--- Exercise data ---
(* Let $q\geq2$ and $0<\alpha<(q-1)/q$. A randomized $q$-SGKH algorithm which on every input of length $n$ has expected cost at most $\alpha n$ must read at least $$b\geq K_{1/q}(1-\alpha)\,n=(1-h_q(\alpha))\,n\log_2 q$$ bits of advice.
   Context: $q$-SGKH (string guessing with known history) is the repeated matrix game with the $q\times q$ cost matrix with $0$ on the diagonal and $1$ elsewhere: inputs $(n,x_1,\dots,x_n)$ with $x_i\in[q]$; in round $i$ the algorithm knows $n,x_1,\dots,x_{i-1}$ and guesses $y_i\in[q]$, paying $1$ if $y_i\neq x_i$ and $0$ otherwise; $n$ is the length. Advice is read from an infinite tape prepared by an oracle knowing the input; a randomized algorithm with advice is a probability distribution over deterministic algorithms with advice. $K_y(x)=x\log_2(x/y)+(1-x)\log_2((1-x)/(1-y))$, and $h_q(x)=x\log_q(q-1)-x\log_qx-(1-x)\log_q(1-x)$. *)

From mathcomp Require Import all_boot all_order all_algebra.
From mathcomp Require Import all_classical all_reals all_analysis.
Set Implicit Arguments. Unset Strict Implicit. Unset Printing Implicit Defensive.
Import Order.TTheory GRing.Theory Num.Theory.
Local Open Scope ring_scope.

Definition advice := nat -> bool.

(* A deterministic q-SGKH algorithm with advice: given the length n, the
   advice tape, and the history x_1..x_{i-1}, it outputs the guess y_i. *)
Definition det_alg (q : nat) := nat -> advice -> seq 'I_q -> 'I_q.

Definition cost (q n : nat) (A : det_alg q) (x : n.-tuple 'I_q) (phi : advice)
  : nat :=
  \sum_(i < n) (A n phi (take i x) != tnth x i : nat).

Definition reads_at_most (q : nat) (b n : nat) (A : det_alg q) : Prop :=
  forall phi phi' : advice, (forall k, (k < b)%N -> phi k = phi' k) ->
  forall h : seq 'I_q, (size h < n)%N -> A n phi h = A n phi' h.

Definition log2 {R : realType} (x : R) : R := ln x / ln 2.

Definition KL {R : realType} (y x : R) : R :=
  x * log2 (x / y) + (1 - x) * log2 ((1 - x) / (1 - y)).

Definition logb {R : realType} (b x : R) : R := ln x / ln b.

Definition hq {R : realType} (q : nat) (x : R) : R :=
  x * logb q%:R (q%:R - 1) - x * logb q%:R x - (1 - x) * logb q%:R (1 - x).

From mathcomp Require Import all_boot all_order all_algebra.
From mathcomp Require Import all_classical all_reals all_analysis.
From mathcomp Require Import ring lra.

Set Implicit Arguments.
Unset Strict Implicit.
Unset Printing Implicit Defensive.
Import Order.TTheory GRing.Theory Num.Theory.
Local Open Scope ring_scope.

(* Exponential moment argument.  Fix a deterministic algorithm and an advice
   string w of length b.  Weighting each input x by u^(number of mistakes)
   and summing over x round by round, every round contributes the factor
   1 + (q - 1) u whatever the guess, so the total is (1 + (q - 1) u)^n.
   Summing over the 2^b advice strings bounds the weight of the inputs paired
   with their oracle advice by 2^b (1 + (q - 1) u)^n; by Jensen the randomized
   algorithm, of expected cost at most alpha n, gives each input weight at
   least u^(alpha n).  Hence q^n u^(alpha n) <= 2^b (1 + (q - 1) u)^n, and
   the choice u = alpha / ((q - 1)(1 - alpha)) turns the logarithm of this
   into K_{1/q}(1 - alpha) n <= b. *)

Lemma big_tuple_cons (R : Type) (idx : R) (op : Monoid.com_law idx)
    (T : finType) n (F : n.+1.-tuple T -> R) :
  \big[op/idx]_t F t =
  \big[op/idx]_z \big[op/idx]_(t : n.-tuple T) F [tuple of z :: t].
Proof.
rewrite pair_big (reindex (fun p : T * n.-tuple T => [tuple of p.1 :: p.2])) //=.
exists (fun t : n.+1.-tuple T => (thead t, [tuple of behead t])).
  by move=> [z t] _; congr pair; apply: val_inj.
by move=> t _; rewrite [RHS]tuple_eta.
Qed.

Lemma sum_tuple_adaptive_prod (R : pzSemiRingType) (T : finType) (K : R)
    (f : T -> T -> R) :
  (forall y, \sum_z f y z = K) ->
  forall n (g : seq T -> T),
  \sum_(x : n.-tuple T) \prod_(i < n) f (g (take i x)) (tnth x i) = K ^+ n.
Proof.
move=> row_sum; elim=> [|n IHn] g.
  under eq_bigr do rewrite big_ord0.
  by rewrite sumr_const card_tuple expn0.
rewrite big_tuple_cons exprS -{1}(row_sum (g [::])) mulr_suml.
apply: eq_bigr => z _; rewrite -(IHn (fun h => g (z :: h))) mulr_sumr.
apply: eq_bigr => x _; rewrite big_ord_recl; congr (_ * _).
by apply: eq_bigr => i _; rewrite !(tnth_nth z).
Qed.

Lemma sum_expR_neq (R : realType) (T : finType) (y : T) (c : R) :
  \sum_z expR (c * (y != z)%:R) = 1 + (#|T|%:R - 1) * expR c.
Proof.
rewrite (bigD1 y) //= eqxx mulr0 expR0; congr (_ + _).
under eq_bigr => z z_neq_y do rewrite eq_sym z_neq_y mulr1.
rewrite sumr_const cardC1 -[LHS]mulr_natr mulrC -subn1 natrB //.
by apply/card_gt0P; exists y.
Qed.

Lemma sum_expR_cost (R : realType) q n (A : det_alg q) (phi : advice) (c : R) :
  \sum_(x : n.-tuple 'I_q) expR (c * (cost A x phi)%:R)
    = (1 + (q%:R - 1) * expR c) ^+ n.
Proof.
have row_sum y : \sum_z expR (c * (y != z :> 'I_q)%:R) = 1 + (q%:R - 1) * expR c.
  by rewrite sum_expR_neq card_ord.
rewrite -(sum_tuple_adaptive_prod row_sum n (A n phi)).
by apply: eq_bigr => x _; rewrite natr_sum mulr_sumr expR_sum.
Qed.

Definition advice_prefix b (phi : advice) : {ffun 'I_b -> bool} :=
  [ffun i : 'I_b => phi i].

Definition pad_advice b (w : {ffun 'I_b -> bool}) : advice :=
  fun k => if insub k is Some i then w i else false.

Lemma cost_advice_prefix q b n (A : det_alg q) (x : n.-tuple 'I_q) phi :
  reads_at_most b n A -> cost A x phi = cost A x (pad_advice (advice_prefix b phi)).
Proof.
move=> readsA; apply: eq_bigr => i _; congr (nat_of_bool (_ != _)).
apply: readsA; last by rewrite size_take size_tuple ltn_ord.
by move=> k kb; rewrite /pad_advice insubT ffunE.
Qed.

Lemma ler_sum_choice (R : numDomainType) (I W : finType) (F : I -> W -> R)
    (s : I -> W) :
  (forall i w, 0 <= F i w) -> \sum_i F i (s i) <= \sum_w \sum_i F i w.
Proof.
move=> F_ge0; rewrite exchange_big; apply: ler_sum => i _.
by rewrite (bigD1 (s i)) //= lerDl sumr_ge0.
Qed.

Lemma sum_expR_cost_oracle (R : realType) q b n (A : det_alg q)
    (oracle : n.-tuple 'I_q -> advice) (c : R) :
  reads_at_most b n A ->
  \sum_x expR (c * (cost A x (oracle x))%:R)
    <= 2 ^+ b * (1 + (q%:R - 1) * expR c) ^+ n.
Proof.
move=> readsA.
under eq_bigr => x _ do rewrite (cost_advice_prefix x (oracle x) readsA).
pose F (x : n.-tuple 'I_q) w := expR (c * (cost A x (@pad_advice b w))%:R).
apply: le_trans (ler_sum_choice (F := F) (advice_prefix b \o oracle) _) _.
  by move=> x w; apply/ltW/expR_gt0.
under eq_bigr do rewrite sum_expR_cost.
by rewrite sumr_const card_ffun card_bool card_ord -natrX mulr_natl.
Qed.

Lemma expR_jensen (R : realType) (J : finType) (p y : J -> R) :
  (forall j, 0 <= p j) -> \sum_j p j = 1 ->
  expR (\sum_j p j * y j) <= \sum_j p j * expR (y j).
Proof.
move=> p_ge0 p_sum1; set m := \sum_j p j * y j.
have tangent j : expR m * (1 + (y j - m)) <= expR (y j).
  rewrite -[X in _ <= expR X](subrK m) expRD mulrC.
  by rewrite ler_wpM2r ?expR_ge1Dx // ltW ?expR_gt0.
apply: le_trans (ler_sum _ (fun j _ => ler_wpM2l (p_ge0 j) (tangent j))).
have -> : \sum_j p j * (expR m * (1 + (y j - m))) =
   \sum_j (expR m * p j + expR m * (p j * y j) - expR m * m * p j).
  by apply: eq_bigr => j _; ring.
by rewrite sumrB big_split /= -!mulr_sumr p_sum1 !mulr1 -/m addrK.
Qed.

Lemma randomized_advice_bound (R : realType) q n b (J : finType) (p : J -> R)
    (A : J -> det_alg q) (oracle : n.-tuple 'I_q -> advice) (C c : R) :
  (forall j, 0 <= p j) -> \sum_j p j = 1 ->
  (forall j, 0 < p j -> reads_at_most b n (A j)) ->
  (forall x, \sum_j p j * (cost (A j) x (oracle x))%:R <= C) -> c <= 0 ->
  (q ^ n)%:R * expR (c * C) <= 2 ^+ b * (1 + (q%:R - 1) * expR c) ^+ n.
Proof.
move=> p_ge0 p_sum1 readsA costA c_le0.
have weight_ge x :
    expR (c * C) <= \sum_j p j * expR (c * (cost (A j) x (oracle x))%:R).
  apply: le_trans (expR_jensen _ p_ge0 p_sum1); rewrite ler_expR.
  under eq_bigr do rewrite mulrCA.
  by rewrite -mulr_sumr ler_wnM2l.
have -> : (q ^ n)%:R * expR (c * C) = \sum_(x : n.-tuple 'I_q) expR (c * C).
  by rewrite sumr_const card_tuple card_ord mulr_natl.
apply: le_trans (ler_sum _ (fun x _ => weight_ge x)) _.
rewrite exchange_big /=.
apply: le_trans (_ : _ <= \sum_j p j * (2 ^+ b * (1 + (q%:R - 1) * expR c) ^+ n)) _.
  apply: ler_sum => j _; rewrite -mulr_sumr.
  have [->|pj_neq0] := eqVneq (p j) 0; first by rewrite !mul0r.
  have pj_gt0 : 0 < p j by rewrite lt0r pj_neq0 p_ge0.
  exact/ler_wpM2l/sum_expR_cost_oracle/readsA.
by rewrite -mulr_suml p_sum1 mul1r.
Qed.

Lemma KL_uniform (R : realType) (Q alpha : R) :
  1 < Q -> 0 < alpha -> alpha < 1 ->
  KL Q^-1 (1 - alpha) * ln 2 =
  ln Q + alpha * ln alpha - alpha * ln (Q - 1) + (1 - alpha) * ln (1 - alpha).
Proof.
move=> Q_gt1 a_gt0 a_lt1.
have ln2_gt0 : 0 < ln (2 : R) by rewrite ln_gt0 //; lra.
rewrite /KL /log2 invrK.
have -> : (1 - (1 - alpha)) / (1 - Q^-1) = alpha / ((Q - 1) / Q).
  by congr (_ / _); [lra | field; lra].
rewrite lnM ?ln_div ?posrE ?divr_gt0 //; try lra.
by field; lra.
Qed.

Lemma KL_hq (R : realType) q (alpha : R) :
  (1 < q)%N -> 0 < alpha -> alpha < 1 ->
  KL q%:R^-1 (1 - alpha) = (1 - hq q alpha) * log2 (q%:R : R).
Proof.
move=> q_gt1 a_gt0 a_lt1; have Q_gt1 : (1 : R) < q%:R by rewrite ltr1n.
have ln2_gt0 : 0 < ln (2 : R) by rewrite ln_gt0 //; lra.
have lnQ_gt0 : 0 < ln (q%:R : R) by rewrite ln_gt0.
apply: (mulIf (lt0r_neq0 ln2_gt0)); rewrite KL_uniform //.
by rewrite /hq /logb /log2; field; lra.
Qed.

Definition optimal_tilt (R : realType) (q : nat) (alpha : R) : R :=
  alpha / ((q%:R - 1) * (1 - alpha)).

Section OptimalTilt.
Variables (R : realType) (q : nat) (alpha : R).
Hypotheses (Q_gt1 : (1 : R) < q%:R) (alpha_gt0 : 0 < alpha) (alpha_lt1 : alpha < 1).

Let u := optimal_tilt q alpha.

Lemma optimal_tilt_gt0 : 0 < u.
Proof. by rewrite divr_gt0 // mulr_gt0 // subr_gt0. Qed.

Lemma optimal_tilt_le1 : alpha < (q%:R - 1) / q%:R -> u <= 1.
Proof.
rewrite ltr_pdivlMr ?(lt_trans ltr01 Q_gt1) // => alphaQ_lt.
by rewrite ler_pdivrMr ?mulr_gt0 ?subr_gt0 //; lra.
Qed.

Lemma ln_optimal_tilt : ln u = ln alpha - ln (q%:R - 1) - ln (1 - alpha).
Proof.
by rewrite /u /optimal_tilt ln_div ?lnM ?posrE ?mulr_gt0 ?subr_gt0 //; ring.
Qed.

Lemma optimal_tilt_factor : 1 + (q%:R - 1) * u = (1 - alpha)^-1.
Proof. by rewrite /u /optimal_tilt; field; rewrite !subr_eq0 !gt_eqF. Qed.

Lemma KL_le_of_tilted_bound n b :
  (q ^ n)%:R * expR (ln u * (alpha * n%:R)) <= 2 ^+ b * (1 + (q%:R - 1) * u) ^+ n ->
  KL q%:R^-1 (1 - alpha) * n%:R <= b%:R.
Proof.
have ln2_gt0 : 0 < ln (2 : R) by rewrite ln_gt0 //; lra.
have Q_gt0 : (0 : R) < q%:R := lt_trans ltr01 Q_gt1.
have qn_gt0 : (0 : R) < (q ^ n)%:R by rewrite natrX exprn_gt0.
rewrite ln_optimal_tilt optimal_tilt_factor.
rewrite -ler_ln ?posrE ?mulr_gt0 ?exprn_gt0 ?expR_gt0 ?invr_gt0 ?subr_gt0 //.
rewrite !lnM ?posrE ?exprn_gt0 ?expR_gt0 ?invr_gt0 ?subr_gt0 // expRK natrX.
have two_gt0 : (0 : R) < 2 by [].
have K_gt0 : 0 < (1 - alpha)^-1 by rewrite invr_gt0 subr_gt0.
rewrite (lnXn _ Q_gt0) (lnXn _ two_gt0) (lnXn _ K_gt0) lnV ?posrE ?subr_gt0 // => ln_bound.
by rewrite -(ler_pM2r ln2_gt0) mulrAC KL_uniform //; lra.
Qed.

End OptimalTilt.

Theorem theorem9 (R : realType) (q : nat) (alpha : R) (n b : nat)
    (J : finType) (p : J -> R) (A : J -> det_alg q)
    (oracle : n.-tuple 'I_q -> advice) :
  (2 <= q)%N -> 0 < alpha -> alpha < (q%:R - 1) / q%:R ->
  (forall j, 0 <= p j) -> \sum_j p j = 1 ->
  (forall j, 0 < p j -> reads_at_most b n (A j)) ->
  (forall x : n.-tuple 'I_q,
      \sum_j p j * (cost (A j) x (oracle x))%:R <= alpha * n%:R) ->
  KL (q%:R^-1) (1 - alpha) * n%:R <= b%:R /\
  KL (q%:R^-1) (1 - alpha) = (1 - hq q alpha) * log2 (q%:R : R).
Proof.
move=> q_gt1 a_gt0 a_lt p_ge0 p_sum1 readsA costA.
have a_lt1 : alpha < 1.
  by apply: lt_le_trans a_lt _; rewrite ler_pdivrMr ?ltr0n ?(ltnW q_gt1) // mul1r gerBl.
split; last exact: KL_hq.
have Q_gt1 : (1 : R) < q%:R by rewrite ltr1n.
have u_le1 : optimal_tilt q alpha <= 1 by apply: optimal_tilt_le1.
have := randomized_advice_bound p_ge0 p_sum1 readsA costA (ln_le0 u_le1).
by rewrite lnK ?posrE ?optimal_tilt_gt0 //; exact: KL_le_of_tilted_bound.
Qed.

--- Work instructions ---
Where the listing above has a line with "(#|T|%:R - 1) * expR c.", start there, and output every line exactly through the line with "move=> readsA.", which is also included.

--- Expected answer ---
  \sum_z expR (c * (y != z)%:R) = 1 + (#|T|%:R - 1) * expR c.
Proof.
rewrite (bigD1 y) //= eqxx mulr0 expR0; congr (_ + _).
under eq_bigr => z z_neq_y do rewrite eq_sym z_neq_y mulr1.
rewrite sumr_const cardC1 -[LHS]mulr_natr mulrC -subn1 natrB //.
by apply/card_gt0P; exists y.
Qed.

Lemma sum_expR_cost (R : realType) q n (A : det_alg q) (phi : advice) (c : R) :
  \sum_(x : n.-tuple 'I_q) expR (c * (cost A x phi)%:R)
    = (1 + (q%:R - 1) * expR c) ^+ n.
Proof.
have row_sum y : \sum_z expR (c * (y != z :> 'I_q)%:R) = 1 + (q%:R - 1) * expR c.
  by rewrite sum_expR_neq card_ord.
rewrite -(sum_tuple_adaptive_prod row_sum n (A n phi)).
by apply: eq_bigr => x _; rewrite natr_sum mulr_sumr expR_sum.
Qed.

Definition advice_prefix b (phi : advice) : {ffun 'I_b -> bool} :=
  [ffun i : 'I_b => phi i].

Definition pad_advice b (w : {ffun 'I_b -> bool}) : advice :=
  fun k => if insub k is Some i then w i else false.

Lemma cost_advice_prefix q b n (A : det_alg q) (x : n.-tuple 'I_q) phi :
  reads_at_most b n A -> cost A x phi = cost A x (pad_advice (advice_prefix b phi)).
Proof.
move=> readsA; apply: eq_bigr => i _; congr (nat_of_bool (_ != _)).
apply: readsA; last by rewrite size_take size_tuple ltn_ord.
by move=> k kb; rewrite /pad_advice insubT ffunE.
Qed.

Lemma ler_sum_choice (R : numDomainType) (I W : finType) (F : I -> W -> R)
    (s : I -> W) :
  (forall i w, 0 <= F i w) -> \sum_i F i (s i) <= \sum_w \sum_i F i w.
Proof.
move=> F_ge0; rewrite exchange_big; apply: ler_sum => i _.
by rewrite (bigD1 (s i)) //= lerDl sumr_ge0.
Qed.

Lemma sum_expR_cost_oracle (R : realType) q b n (A : det_alg q)
    (oracle : n.-tuple 'I_q -> advice) (c : R) :
  reads_at_most b n A ->
  \sum_x expR (c * (cost A x (oracle x))%:R)
    <= 2 ^+ b * (1 + (q%:R - 1) * expR c) ^+ n.
Proof.
move=> readsA.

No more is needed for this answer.